_Assignment_: Report all lines from the entries below in which "exists" appears.

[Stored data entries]
▶
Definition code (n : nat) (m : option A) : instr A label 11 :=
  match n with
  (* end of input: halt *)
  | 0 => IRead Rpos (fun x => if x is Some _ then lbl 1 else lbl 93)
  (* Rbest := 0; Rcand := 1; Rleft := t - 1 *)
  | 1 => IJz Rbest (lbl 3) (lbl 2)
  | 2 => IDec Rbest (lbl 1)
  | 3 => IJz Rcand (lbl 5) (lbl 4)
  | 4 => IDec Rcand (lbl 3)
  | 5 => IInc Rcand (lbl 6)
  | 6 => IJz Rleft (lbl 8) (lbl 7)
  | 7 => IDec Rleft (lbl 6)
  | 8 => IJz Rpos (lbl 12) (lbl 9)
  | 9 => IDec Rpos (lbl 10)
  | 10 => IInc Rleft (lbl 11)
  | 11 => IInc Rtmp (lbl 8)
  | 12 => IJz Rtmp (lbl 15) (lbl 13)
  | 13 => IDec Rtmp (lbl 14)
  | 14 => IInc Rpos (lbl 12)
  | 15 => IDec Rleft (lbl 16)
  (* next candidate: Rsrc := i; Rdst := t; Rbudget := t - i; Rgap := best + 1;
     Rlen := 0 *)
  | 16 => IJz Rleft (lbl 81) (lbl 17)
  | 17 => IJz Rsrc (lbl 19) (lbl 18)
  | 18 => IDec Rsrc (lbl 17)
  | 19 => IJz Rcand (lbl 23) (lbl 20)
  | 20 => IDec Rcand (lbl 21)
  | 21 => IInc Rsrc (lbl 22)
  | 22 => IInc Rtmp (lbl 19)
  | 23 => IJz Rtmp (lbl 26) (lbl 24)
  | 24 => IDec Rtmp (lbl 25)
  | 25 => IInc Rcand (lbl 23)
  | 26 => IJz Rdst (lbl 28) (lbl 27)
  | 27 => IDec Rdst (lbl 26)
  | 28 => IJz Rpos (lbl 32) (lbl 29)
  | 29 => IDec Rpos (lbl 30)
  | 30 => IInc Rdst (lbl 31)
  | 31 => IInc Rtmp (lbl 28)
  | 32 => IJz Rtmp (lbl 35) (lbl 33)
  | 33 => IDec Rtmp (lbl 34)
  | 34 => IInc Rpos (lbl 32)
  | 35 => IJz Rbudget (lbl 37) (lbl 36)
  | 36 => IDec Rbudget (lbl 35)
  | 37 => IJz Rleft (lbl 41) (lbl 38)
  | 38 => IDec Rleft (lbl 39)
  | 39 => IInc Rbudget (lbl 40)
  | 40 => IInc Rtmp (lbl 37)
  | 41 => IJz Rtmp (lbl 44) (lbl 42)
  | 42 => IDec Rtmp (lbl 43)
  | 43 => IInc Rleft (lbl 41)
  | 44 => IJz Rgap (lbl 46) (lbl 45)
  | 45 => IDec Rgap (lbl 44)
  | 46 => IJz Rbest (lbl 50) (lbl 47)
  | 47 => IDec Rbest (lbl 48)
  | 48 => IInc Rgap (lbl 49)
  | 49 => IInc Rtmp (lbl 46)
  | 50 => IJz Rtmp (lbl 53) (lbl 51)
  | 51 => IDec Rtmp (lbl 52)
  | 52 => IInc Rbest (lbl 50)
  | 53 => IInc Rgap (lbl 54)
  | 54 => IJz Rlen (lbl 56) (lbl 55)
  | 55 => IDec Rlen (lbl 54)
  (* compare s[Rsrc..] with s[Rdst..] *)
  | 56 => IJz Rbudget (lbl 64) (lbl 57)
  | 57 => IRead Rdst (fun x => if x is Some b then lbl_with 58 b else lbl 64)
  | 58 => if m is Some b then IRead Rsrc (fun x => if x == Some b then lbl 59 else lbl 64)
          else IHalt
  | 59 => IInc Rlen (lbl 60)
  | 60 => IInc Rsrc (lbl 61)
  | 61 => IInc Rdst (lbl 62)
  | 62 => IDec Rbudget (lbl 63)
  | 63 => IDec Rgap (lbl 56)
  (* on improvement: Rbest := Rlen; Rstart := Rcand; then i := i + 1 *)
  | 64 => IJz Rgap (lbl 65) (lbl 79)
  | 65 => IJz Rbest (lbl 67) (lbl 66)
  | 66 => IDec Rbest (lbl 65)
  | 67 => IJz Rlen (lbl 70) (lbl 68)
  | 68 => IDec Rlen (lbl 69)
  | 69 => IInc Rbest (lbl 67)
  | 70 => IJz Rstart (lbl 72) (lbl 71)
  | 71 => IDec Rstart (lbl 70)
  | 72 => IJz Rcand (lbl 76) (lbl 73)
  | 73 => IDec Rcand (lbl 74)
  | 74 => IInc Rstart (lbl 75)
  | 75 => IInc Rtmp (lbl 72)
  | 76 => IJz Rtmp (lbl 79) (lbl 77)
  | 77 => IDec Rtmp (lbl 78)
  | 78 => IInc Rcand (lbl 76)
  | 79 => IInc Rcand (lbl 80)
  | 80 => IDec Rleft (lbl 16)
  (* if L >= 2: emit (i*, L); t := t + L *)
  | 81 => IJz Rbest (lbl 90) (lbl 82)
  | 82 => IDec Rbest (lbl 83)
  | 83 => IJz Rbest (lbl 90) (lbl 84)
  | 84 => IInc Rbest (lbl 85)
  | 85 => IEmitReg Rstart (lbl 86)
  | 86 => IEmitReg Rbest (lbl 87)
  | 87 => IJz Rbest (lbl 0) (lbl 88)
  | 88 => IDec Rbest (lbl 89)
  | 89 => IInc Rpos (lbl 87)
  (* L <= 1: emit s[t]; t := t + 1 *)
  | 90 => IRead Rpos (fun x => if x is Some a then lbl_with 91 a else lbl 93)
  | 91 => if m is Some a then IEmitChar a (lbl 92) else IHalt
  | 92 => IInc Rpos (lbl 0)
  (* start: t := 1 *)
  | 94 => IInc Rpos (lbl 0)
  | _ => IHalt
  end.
◀
▶
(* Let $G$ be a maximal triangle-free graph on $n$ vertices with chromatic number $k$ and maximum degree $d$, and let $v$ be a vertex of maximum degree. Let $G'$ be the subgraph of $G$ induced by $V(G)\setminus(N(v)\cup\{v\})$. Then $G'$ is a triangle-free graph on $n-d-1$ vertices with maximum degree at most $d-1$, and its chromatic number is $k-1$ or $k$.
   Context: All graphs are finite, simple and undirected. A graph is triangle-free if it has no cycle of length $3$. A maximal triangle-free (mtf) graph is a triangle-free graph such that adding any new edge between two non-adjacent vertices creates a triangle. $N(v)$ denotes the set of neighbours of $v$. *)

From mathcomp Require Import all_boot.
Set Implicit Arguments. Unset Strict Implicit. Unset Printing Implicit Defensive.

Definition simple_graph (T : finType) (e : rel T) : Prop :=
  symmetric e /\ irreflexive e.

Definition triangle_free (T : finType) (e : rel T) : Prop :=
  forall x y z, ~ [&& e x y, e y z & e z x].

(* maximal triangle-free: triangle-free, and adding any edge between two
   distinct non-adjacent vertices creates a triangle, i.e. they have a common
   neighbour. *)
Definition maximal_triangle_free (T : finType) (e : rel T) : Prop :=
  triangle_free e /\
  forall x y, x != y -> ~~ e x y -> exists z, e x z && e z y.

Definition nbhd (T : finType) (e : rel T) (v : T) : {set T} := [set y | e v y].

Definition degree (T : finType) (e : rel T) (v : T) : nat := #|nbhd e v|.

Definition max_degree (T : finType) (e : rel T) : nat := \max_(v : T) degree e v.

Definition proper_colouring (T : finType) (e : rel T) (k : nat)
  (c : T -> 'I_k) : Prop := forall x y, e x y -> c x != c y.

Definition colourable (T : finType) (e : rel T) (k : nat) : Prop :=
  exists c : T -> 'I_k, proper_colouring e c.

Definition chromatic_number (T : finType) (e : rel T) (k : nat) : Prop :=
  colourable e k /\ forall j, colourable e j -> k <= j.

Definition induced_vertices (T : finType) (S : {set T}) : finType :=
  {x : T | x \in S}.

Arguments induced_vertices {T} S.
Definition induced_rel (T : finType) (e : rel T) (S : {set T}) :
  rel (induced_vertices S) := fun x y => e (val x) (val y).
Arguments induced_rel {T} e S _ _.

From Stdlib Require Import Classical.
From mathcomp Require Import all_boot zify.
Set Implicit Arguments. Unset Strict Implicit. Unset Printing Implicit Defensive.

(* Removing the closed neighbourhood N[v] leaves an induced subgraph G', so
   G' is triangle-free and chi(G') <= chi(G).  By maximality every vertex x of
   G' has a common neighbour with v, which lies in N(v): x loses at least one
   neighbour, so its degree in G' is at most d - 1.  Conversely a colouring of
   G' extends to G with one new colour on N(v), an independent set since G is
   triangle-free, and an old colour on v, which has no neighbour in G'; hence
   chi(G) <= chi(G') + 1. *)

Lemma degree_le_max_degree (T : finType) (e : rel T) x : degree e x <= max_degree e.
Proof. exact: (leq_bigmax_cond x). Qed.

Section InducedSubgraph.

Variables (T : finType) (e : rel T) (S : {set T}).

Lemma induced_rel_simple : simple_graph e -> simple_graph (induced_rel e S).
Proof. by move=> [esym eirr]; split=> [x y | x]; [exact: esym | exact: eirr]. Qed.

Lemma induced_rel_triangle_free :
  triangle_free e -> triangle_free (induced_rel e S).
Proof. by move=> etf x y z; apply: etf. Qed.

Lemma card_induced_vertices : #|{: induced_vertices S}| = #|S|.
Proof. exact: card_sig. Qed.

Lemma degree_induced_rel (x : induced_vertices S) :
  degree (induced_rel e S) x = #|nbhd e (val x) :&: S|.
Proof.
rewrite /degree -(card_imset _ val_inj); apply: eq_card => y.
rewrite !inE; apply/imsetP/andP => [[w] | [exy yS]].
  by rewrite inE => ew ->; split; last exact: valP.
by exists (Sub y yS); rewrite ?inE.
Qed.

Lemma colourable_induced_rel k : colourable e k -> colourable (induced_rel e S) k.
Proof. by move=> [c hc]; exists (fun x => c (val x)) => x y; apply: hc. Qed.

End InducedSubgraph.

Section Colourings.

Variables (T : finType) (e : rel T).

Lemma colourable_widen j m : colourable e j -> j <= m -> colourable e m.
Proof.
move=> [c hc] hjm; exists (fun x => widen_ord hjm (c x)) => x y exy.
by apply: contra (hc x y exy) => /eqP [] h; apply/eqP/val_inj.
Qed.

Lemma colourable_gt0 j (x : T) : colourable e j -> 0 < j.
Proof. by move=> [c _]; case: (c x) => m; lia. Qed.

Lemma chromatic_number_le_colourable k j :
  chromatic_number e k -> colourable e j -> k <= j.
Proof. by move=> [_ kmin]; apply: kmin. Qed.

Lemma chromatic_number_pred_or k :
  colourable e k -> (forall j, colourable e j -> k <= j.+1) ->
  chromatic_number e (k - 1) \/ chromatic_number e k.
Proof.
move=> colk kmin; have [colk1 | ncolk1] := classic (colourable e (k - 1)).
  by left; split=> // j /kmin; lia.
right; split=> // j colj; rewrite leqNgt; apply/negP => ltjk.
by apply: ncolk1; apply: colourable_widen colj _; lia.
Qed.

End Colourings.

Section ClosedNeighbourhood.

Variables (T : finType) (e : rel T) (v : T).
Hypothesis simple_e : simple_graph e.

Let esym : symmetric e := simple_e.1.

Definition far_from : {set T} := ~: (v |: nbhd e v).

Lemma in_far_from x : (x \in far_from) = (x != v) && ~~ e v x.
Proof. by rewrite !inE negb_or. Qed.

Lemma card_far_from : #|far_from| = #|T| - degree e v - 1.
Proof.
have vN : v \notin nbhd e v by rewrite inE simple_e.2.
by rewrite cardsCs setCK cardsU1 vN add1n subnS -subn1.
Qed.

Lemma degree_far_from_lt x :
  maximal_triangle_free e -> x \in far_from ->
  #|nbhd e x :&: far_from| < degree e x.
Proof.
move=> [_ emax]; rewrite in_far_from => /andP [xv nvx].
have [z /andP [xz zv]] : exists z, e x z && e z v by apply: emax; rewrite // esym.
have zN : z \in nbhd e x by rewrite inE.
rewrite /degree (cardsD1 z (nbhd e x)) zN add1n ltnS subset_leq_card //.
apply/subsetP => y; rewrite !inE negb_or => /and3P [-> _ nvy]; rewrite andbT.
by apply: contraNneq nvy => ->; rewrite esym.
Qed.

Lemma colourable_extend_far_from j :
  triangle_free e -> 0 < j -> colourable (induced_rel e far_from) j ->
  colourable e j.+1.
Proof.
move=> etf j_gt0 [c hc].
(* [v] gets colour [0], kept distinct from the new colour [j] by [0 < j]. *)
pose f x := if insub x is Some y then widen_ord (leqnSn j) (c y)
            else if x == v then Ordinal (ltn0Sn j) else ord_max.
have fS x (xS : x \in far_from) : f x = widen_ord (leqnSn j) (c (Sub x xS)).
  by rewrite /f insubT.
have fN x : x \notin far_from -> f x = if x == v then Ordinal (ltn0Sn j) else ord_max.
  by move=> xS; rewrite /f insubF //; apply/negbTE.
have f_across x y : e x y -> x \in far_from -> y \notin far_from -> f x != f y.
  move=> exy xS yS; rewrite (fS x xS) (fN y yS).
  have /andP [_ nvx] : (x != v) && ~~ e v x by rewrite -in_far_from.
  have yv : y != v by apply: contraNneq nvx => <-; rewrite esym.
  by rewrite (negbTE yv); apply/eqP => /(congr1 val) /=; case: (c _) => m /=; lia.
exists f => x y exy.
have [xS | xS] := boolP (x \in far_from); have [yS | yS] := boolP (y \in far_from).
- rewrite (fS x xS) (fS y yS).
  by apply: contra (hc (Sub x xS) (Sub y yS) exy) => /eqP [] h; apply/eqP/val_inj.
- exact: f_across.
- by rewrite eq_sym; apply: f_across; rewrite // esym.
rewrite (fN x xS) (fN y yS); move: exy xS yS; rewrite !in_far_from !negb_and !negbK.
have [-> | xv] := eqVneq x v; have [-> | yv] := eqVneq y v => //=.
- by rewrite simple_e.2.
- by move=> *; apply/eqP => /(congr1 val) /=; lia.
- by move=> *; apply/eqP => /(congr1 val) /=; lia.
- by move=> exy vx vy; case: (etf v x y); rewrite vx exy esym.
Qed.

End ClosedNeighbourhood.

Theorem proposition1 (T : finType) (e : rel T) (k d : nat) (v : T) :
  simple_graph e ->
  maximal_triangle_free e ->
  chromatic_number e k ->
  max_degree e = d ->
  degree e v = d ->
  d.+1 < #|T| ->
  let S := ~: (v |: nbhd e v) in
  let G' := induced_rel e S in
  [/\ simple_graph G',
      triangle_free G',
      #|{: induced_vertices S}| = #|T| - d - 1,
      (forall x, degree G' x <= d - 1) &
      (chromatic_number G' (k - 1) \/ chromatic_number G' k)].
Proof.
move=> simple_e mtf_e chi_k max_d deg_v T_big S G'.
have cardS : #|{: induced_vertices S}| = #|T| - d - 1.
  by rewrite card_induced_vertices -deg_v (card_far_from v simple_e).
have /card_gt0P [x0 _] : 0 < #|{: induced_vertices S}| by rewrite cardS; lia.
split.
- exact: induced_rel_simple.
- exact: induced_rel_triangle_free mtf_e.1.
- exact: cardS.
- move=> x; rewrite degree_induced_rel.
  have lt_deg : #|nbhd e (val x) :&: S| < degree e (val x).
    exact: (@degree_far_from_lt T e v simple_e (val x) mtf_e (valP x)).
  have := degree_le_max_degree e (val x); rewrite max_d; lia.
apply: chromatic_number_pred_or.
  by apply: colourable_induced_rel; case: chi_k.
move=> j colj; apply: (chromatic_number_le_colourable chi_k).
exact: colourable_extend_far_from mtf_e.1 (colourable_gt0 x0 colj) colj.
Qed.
◀
_Written reply_:
  forall x y, x != y -> ~~ e x y -> exists z, e x z && e z y.
  exists c : T -> 'I_k, proper_colouring e c.
by exists (Sub y yS); rewrite ?inE.
Proof. by move=> [c hc]; exists (fun x => c (val x)) => x y; apply: hc. Qed.
move=> [c hc] hjm; exists (fun x => widen_ord hjm (c x)) => x y exy.
have [z /andP [xz zv]] : exists z, e x z && e z v by apply: emax; rewrite // esym.
exists f => x y exy.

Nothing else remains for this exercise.